START Given data

Lemma scaled_prod_lim l : is_lim_seq (scaled_prod l) 1.
Proof.
rewrite /scaled_prod; elim: l => [|a l IH] /=; first exact: is_lim_seq_const.
have Ha : is_lim_seq (fun n => Rabs (1 + a / INR n)) 1.
  have := is_lim_seq_abs _ _ (is_lim_seq_plus' _ _ _ _ (is_lim_seq_const 1)
            (is_lim_seq_mult' _ _ _ _ (is_lim_seq_const a) is_lim_seq_inv_INR)).
  by rewrite Rmult_0_r Rplus_0_r /= Rabs_R1.
by have := is_lim_seq_mult' _ _ _ _ Ha IH; rewrite Rmult_1_r.
Qed.

Lemma scaled_prod_neq0 cs n : nonpos_int_free cs -> INR n <> 0 -> scaled_prod cs n <> 0.
Proof.
move=> Hc Hn h; apply: (@shifted_prod_neq0 cs n Hc); apply: Rabs_eq_0.
by rewrite shifted_prod_abs // h Rmult_0_r.
Qed.

Definition power_ratio (M N n : nat) : R := INR n ^ M / (INR n ^ N * INR n.+1).

Lemma hratio_abs bs cs n : nonpos_int_free cs -> (0 < n)%N ->
  Rabs (hratio bs cs n)
  = power_ratio (length bs) (length cs) n * (scaled_prod bs n / scaled_prod cs n).
Proof.
move=> Hc Hn; have Hn0 : INR n <> 0 by apply: not_0_INR; lia.
have HS : 0 < INR n.+1 by apply: lt_0_INR; lia.
have HS0 : INR n.+1 <> 0 by lra.
have HQ := @shifted_prod_neq0 cs n Hc.
have Hsc := scaled_prod_neq0 Hc Hn0; have Hpow := pow_nonzero _ (length cs) Hn0.
rewrite /hratio /power_ratio !Rabs_div // (Rabs_pos_eq _ (Rlt_le _ _ HS)) !shifted_prod_abs //.
by field; repeat split.
Qed.

Lemma is_lim_seq_inv_INRS : is_lim_seq (fun n => / INR n.+1) 0.
Proof. exact: (proj1 (is_lim_seq_incr_1 _ _) is_lim_seq_inv_INR). Qed.

Lemma power_ratio_lim0 M N : (M <= N)%N -> is_lim_seq (power_ratio M N) 0.
Proof.
move=> HMN; apply: (is_lim_seq_le_le_loc (fun _ => 0) _ (fun n => / INR n.+1));
  [|exact: is_lim_seq_const|exact: is_lim_seq_inv_INRS].
exists 1%N => n Hn; have H1 : 1 <= INR n by apply: (le_INR 1).
have HS : 0 < INR n.+1 by apply: lt_0_INR; lia.
have HN : 0 < INR n ^ N by apply: pow_lt; lra.
have HM : 0 < INR n ^ M by apply: pow_lt; lra.
have HMN' : INR n ^ M <= INR n ^ N by apply: Rle_pow => //; apply/leP.
rewrite /power_ratio; split.
- by apply: Rlt_le; apply: Rdiv_lt_0_compat; nra.
- apply: (Rle_trans _ (INR n ^ N / (INR n ^ N * INR n.+1))).
    by apply: Rmult_le_compat_r => //; apply: Rlt_le; apply: Rinv_0_lt_compat; nra.
  by right; field; lra.
Qed.

Lemma power_ratio_lim1 N : is_lim_seq (power_ratio N.+1 N) 1.
Proof.
apply: (is_lim_seq_ext_loc (fun n => 1 - / INR n.+1)).
  exists 1%N => n Hn; have H1 : 1 <= INR n by apply: (le_INR 1).
  have HN : 0 < INR n ^ N by apply: pow_lt; lra.
  by rewrite /power_ratio S_INR -tech_pow_Rmult; field; split; lra.
rewrite -[X in Rbar.Finite X](Rminus_0_r 1).
exact: (is_lim_seq_minus' _ _ _ _ (is_lim_seq_const 1) is_lim_seq_inv_INRS).
Qed.

Lemma power_ratio_lim_infty M N : (N.+2 <= M)%N -> is_lim_seq (power_ratio M N) p_infty.
Proof.
move=> HMN; apply: (is_lim_seq_le_p_loc (fun n => INR n.-1)); last first.
  exact: (proj2 (is_lim_seq_incr_1 _ _) is_lim_seq_INR).
exists 1%N => n Hn; have H1 : 1 <= INR n by apply: (le_INR 1).
have HN : 0 < INR n ^ N by apply: pow_lt; lra.
have HS : 0 < INR n.+1 by apply: lt_0_INR; lia.
have HM : INR n ^ N.+2 <= INR n ^ M by apply: Rle_pow => //; apply/leP.
apply: (Rle_trans _ (INR n ^ N.+2 / (INR n ^ N * INR n.+1))); last first.
  by apply: Rmult_le_compat_r HM; apply: Rlt_le; apply: Rinv_0_lt_compat; nra.
have -> : INR n ^ N.+2 / (INR n ^ N * INR n.+1) = INR n * INR n / (INR n + 1).
  by rewrite S_INR -!tech_pow_Rmult; field; split; lra.
have -> : INR n.-1 = INR n - 1.
  by case: n Hn H1 {HS HN HM} => [|m] Hn H1; [lia | rewrite S_INR /=; lra].
apply: (Rmult_le_reg_r (INR n + 1)); first lra.
by rewrite /Rdiv Rmult_assoc Rinv_l; nra.
Qed.

Lemma is_Rbar_mult_1_r (l : Rbar) : is_Rbar_mult l 1 l.
Proof.
case: l => [r| |].
- by rewrite /is_Rbar_mult /= Rmult_1_r.
- by apply: is_Rbar_mult_p_infty_pos => /=; lra.
- by apply: is_Rbar_mult_m_infty_pos => /=; lra.
Qed.

Lemma hratio_abs_lim bs cs l : nonpos_int_free cs ->
  is_lim_seq (power_ratio (length bs) (length cs)) l ->
  is_lim_seq (fun n => Rabs (hratio bs cs n)) l.
Proof.
move=> Hc Hl.
apply: (is_lim_seq_ext_loc
  (fun n => power_ratio (length bs) (length cs) n * (scaled_prod bs n / scaled_prod cs n))).
  by exists 1%N => n Hn; rewrite hratio_abs //; apply/leP.
apply: (is_lim_seq_mult _ _ _ _ _ Hl _ (is_Rbar_mult_1_r l)).
have := is_lim_seq_div' _ _ _ _ (scaled_prod_lim bs) (scaled_prod_lim cs) R1_neq_R0.
by rewrite /Rdiv Rinv_1 Rmult_1_r.
Qed.

Lemma hcoef_ratio bs cs k : nonpos_int_free cs -> hcoef bs cs k <> 0 ->
  hcoef bs cs k.+1 / hcoef bs cs k = hratio bs cs k.
Proof. by move=> Hc Hk; rewrite hcoefS //; field. Qed.

Lemma hweight_moment_not_lim0 bs cs x q K :
  nonpos_int_free cs -> (forall k, hcoef bs cs k <> 0) -> x <> 0 -> (0 < K)%N ->
  (forall n, (K <= n)%N -> INR n ^ q <= INR n.+1 ^ q * Rabs (hratio bs cs n * x)) ->
  ~ is_lim_seq (fun k => INR k ^ q * hweight bs cs x k) 0.
Proof.
move=> Hc Hnz Hx HK Hq; apply: (@not_lim0_abs_nondecreasing _ K).
  rewrite hweightE; apply: Rmult_integral_contrapositive_currified.
    by apply: pow_nonzero; apply: not_0_INR; lia.
  by apply: Rmult_integral_contrapositive_currified => //; apply: pow_nonzero.
move=> n Hn; rewrite !hweightE hcoefS // -tech_pow_Rmult.
set a := hcoef bs cs n; set r := hratio bs cs n.
have -> : INR n.+1 ^ q * (a * r * (x * x ^ n)) = INR n.+1 ^ q * (r * x) * (a * x ^ n) by ring.
rewrite !(Rabs_mult _ (a * x ^ n)); apply: Rmult_le_compat_r; first exact: Rabs_pos.
have Hpow : forall m, 0 <= INR m ^ q by move=> m; apply: pow_le; apply: pos_INR.
by rewrite Rabs_mult !(Rabs_pos_eq _ (Hpow _)); apply: Hq.
Qed.

Lemma list_Rabs_bound (l : list R) : exists A : nat, forall x, In x l -> Rabs x <= INR A.
Proof.
elim: l => [|a l [A HA]]; first by exists 0%N.
have [m Hm] := INR_archimed 1 (Rabs a) Rlt_0_1.
exists (maxn A m) => x [<-|/HA Hx].
- by apply: Rle_trans (le_INR m _ (elimT leP (leq_maxr _ _))); lra.
- exact: Rle_trans Hx (le_INR A _ (elimT leP (leq_maxl _ _))).
Qed.

Lemma shifted_prod_abs_ge l A n : (forall b, In b l -> Rabs b <= A) -> A <= INR n ->
  (INR n - A) ^ length l <= Rabs (shifted_prod l n).
Proof.
rewrite /shifted_prod; elim: l => [|b l IH] HA Hn /=; first by rewrite Rabs_R1; lra.
rewrite Rabs_mult; apply: Rmult_le_compat.
- lra.
- by apply: pow_le; lra.
- have := HA b (or_introl erefl); have := Rle_abs (- b); have := Rle_abs (b + INR n).
  by rewrite Rabs_Ropp; lra.
- by apply: IH => // c Hc; apply: HA; right.
Qed.

Lemma shifted_prod_abs_le l A n : (forall b, In b l -> Rabs b <= A) ->
  Rabs (shifted_prod l n) <= (INR n + A) ^ length l.
Proof.
rewrite /shifted_prod; elim: l => [|b l IH] HA /=; first by rewrite Rabs_R1; lra.
rewrite Rabs_mult; apply: Rmult_le_compat; try exact: Rabs_pos.
- have := HA b (or_introl erefl); have := Rabs_triang b (INR n).
  by rewrite (Rabs_pos_eq (INR n) (pos_INR n)); lra.
- by apply: IH => c Hc; apply: HA; right.
Qed.

(* Bernoulli's inequality (1 + 1/x)^c >= 1 + c/x, cleared of denominators. *)
Lemma bernoulli_ineq x c : 0 <= x -> x ^ c * (x + INR c) <= (x + 1) ^ c * x.
Proof.
move=> Hx; elim: c => [|c IH]; first by rewrite /=; lra.
have hp : 0 <= x ^ c by apply: pow_le.
have hc : 0 <= INR c by apply: pos_INR.
have : (x + 1) * (x ^ c * (x + INR c)) <= (x + 1) * ((x + 1) ^ c * x)
  by apply: Rmult_le_compat_l; lra.
rewrite S_INR -!tech_pow_Rmult; nra.
Qed.

(* ((x - A)/(x + A)) >= (x/(x + 1))^c once c >= 4A: the comparison behind Raabe's test. *)
Lemma raabe_ineq x A c : 0 <= A -> 4 * A <= INR c -> 2 * A <= x -> 0 < x ->
  x ^ c * (x + A) <= (x + 1) ^ c * (x - A).
Proof.
move=> HA Hc Hx Hx0; have hB := bernoulli_ineq c (Rlt_le _ _ Hx0).
have hp : 0 <= x ^ c by apply: pow_le; lra.
apply: Rmult_le_reg_l Hx0 _.
have : x ^ c * (x + INR c) * (x - A) <= (x + 1) ^ c * x * (x - A)
  by apply: Rmult_le_compat_r; lra.
have : x * (x + A) <= (x + INR c) * (x - A) by nra.
move=> h1 h2; have : x ^ c * (x * (x + A)) <= x ^ c * ((x + INR c) * (x - A))
  by apply: Rmult_le_compat_l.
nra.
Qed.

Lemma hratio_abs_ge bs cs A n : length bs = (length cs).+1 ->
  (forall b, In b (bs ++ cs) -> Rabs b <= A) -> 1 <= A -> 2 * A <= INR n ->
  (INR n - A) ^ length bs <= (INR n + A) ^ length bs * Rabs (hratio bs cs n).
Proof.
move=> Hlen HA HA1 H2A.
have HAb : forall b, In b bs -> Rabs b <= A by move=> b Hb; apply: HA; apply: in_or_app; left.
have HAc : forall b, In b cs -> Rabs b <= A by move=> b Hb; apply: HA; apply: in_or_app; right.
have HAn : A <= INR n by lra.
have HS : 0 < INR n.+1 by apply: lt_0_INR; lia.
set P := Rabs (shifted_prod bs n); set Q := Rabs (shifted_prod cs n).
have HQ : 0 < Q by apply: Rlt_le_trans (shifted_prod_abs_ge HAc HAn); apply: pow_lt; lra.
have HQS : Q * INR n.+1 <= (INR n + A) ^ length bs.
  have HS1 : INR n.+1 <= INR n + A by rewrite S_INR; lra.
  rewrite Hlen -tech_pow_Rmult Rmult_comm.
  by apply: Rmult_le_compat => //; [lra | exact: Rabs_pos | exact: shifted_prod_abs_le].
have HQ0 : shifted_prod cs n <> 0 by move=> h; move: HQ; rewrite /Q h Rabs_R0; lra.
have HS0 : INR n.+1 <> 0 by lra.
have -> : Rabs (hratio bs cs n) = P / Q / INR n.+1.
  by rewrite /hratio !Rabs_div // (Rabs_pos_eq _ (Rlt_le _ _ HS)).
apply: Rle_trans (shifted_prod_abs_ge HAb HAn) _; rewrite -/P.
have {1}-> : P = Q * INR n.+1 * (P / Q / INR n.+1) by field; lra.
apply: Rmult_le_compat_r HQS; apply: Rmult_le_pos; [apply: Rmult_le_pos|]; try exact: Rabs_pos.
- by apply: Rlt_le; apply: Rinv_0_lt_compat.
- by apply: Rlt_le; apply: Rinv_0_lt_compat.
Qed.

END Given data

#### Exercise description:
The expected output is every line of the records in which the string "Hlen" appears.

#### Output for this exercise:
move=> Hlen HA HA1 H2A.
  rewrite Hlen -tech_pow_Rmult Rmult_comm.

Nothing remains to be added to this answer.